R. Zhao, S. Zheng, Y. Li, X. Zhang, D. Rao, Z. Chun, Y. Hu

. 2023 ; 21 (1) : 23-35. [pub] 20220116

Language English Country Czech Republic

Document type Journal Article

Grant support
2020YFN0001 Sichuan Science and Technology Program - China
2018SZ0096 Sichuan Science and Technology Program - China
2021YFYZ0012 Sichuan Science and Technology Program - China
2021YFH0080 Sichuan Science and Technology Program - China
32100305 National Natural Science Foundation of China - China

Increasing data has confirmed the potential anticancer properties of Dendrobium, a traditional Chinese herb. However, most anticancer compositions from the plant of Dendrobium were usually extracted by high polar solvent, while weak polar compositions with excellent anticancer activity remained largely unexplored. In this study, the differences between ether extract and ethanol extract of Dendrobium nobile Lindl. on chemical components and anticancer activities were investigated, as well as the anticancer mechanisms among different extracts. The results demonstrated that the ether extract exhibited a stronger anticancer effect than ethanol extract, and its anticancer effect was mainly due to weak polar compounds rather than polysaccharides and alkaloids.
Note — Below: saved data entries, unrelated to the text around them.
Lemma maximal_chain_top x : U n x.
Proof.
apply: NNPP => nUx; apply: Umax.
exists (chain_insert U n.+1 (fun _ => True)); apply: strict_chain_insert => //.
- by move=> _; split=> //; exists x.
- by rewrite ltnn.
Qed.

Lemma maximal_chain_simple i : (i < n)%N -> simple_factor (U i) (U i.+1).
Proof.
move=> ilt y Uy nUy x Ux; apply: NNPP => nx; apply: Umax.
have hUi : is_submod (U i) by apply: (proj1 hU); apply: ltnW.
have hUi1 : is_submod (U i.+1) by apply: (proj1 hU).
pose Z z := U i.+1 z /\ exists s, U i (z - s *: y).
exists (chain_insert U i.+1 Z); apply: strict_chain_insert => //; first exact: leqW.
- split; first by split; [exact: submod0 | exists 0; rewrite scale0r subr0; exact: submod0].
  move=> a u v [Uu [s1 hs1]] [Uv [s2 hs2]]; split; first exact: submod_lin.
  exists (a * s1 + s2).
  have -> : a *: u + v - (a * s1 + s2) *: y = a *: (u - s1 *: y) + (v - s2 *: y).
    by rewrite scalerDl -scalerA scalerBr opprD addrACA.
  exact: submod_lin.
- move=> _; split=> [z Uz|].
    split; first by apply: (strict_chain_mono hU _ Uz); rewrite leqnSn ilt.
    by exists 0; rewrite scale0r subr0.
  exists y; split=> //; split=> //.
  by exists 1; rewrite scale1r subrr; apply: submod0.
- by move=> _; split=> [z []//|]; exists x; split=> // -[].
Qed.

End MaximalChain.

End SubmoduleChains.

Section ScalarRestriction.
Variables (R S : comNzRingType).

Definition restrict_scalars (f : {rmorphism R -> S}) (M : lmodType S) : Type := M.

Variables (f : {rmorphism R -> S}) (M : lmodType S).

HB.instance Definition _ := GRing.Zmodule.on (restrict_scalars f M).

Definition restrict_scale (a : R) (x : restrict_scalars f M) : restrict_scalars f M :=
  f a *: (x : M).

Fact restrict_scaleA a b x : restrict_scale a (restrict_scale b x) = restrict_scale (a * b) x.
Proof. by rewrite /restrict_scale scalerA rmorphM. Qed.

Fact restrict_scale1 : left_id 1 restrict_scale.
Proof. by move=> x; rewrite /restrict_scale rmorph1 scale1r. Qed.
Quantitative proteomics suggested that the ether extract significantly stimulated the over-expression of immature proteins, the endoplasmic reticulum stress and unfolded protein response were subsequently induced, the intracellular reactive oxygen species level was seriously elevated, and oxidative stress occurred in the meanwhile. Eventually, autophagy and apoptosis were activated to cause cell death. Our findings demonstrate that the ether extract of D. nobile is a potential candidate for anticancer drug development, and that future research on anticancer drugs derived from medicinal plants should also concentrate on weak polar compounds.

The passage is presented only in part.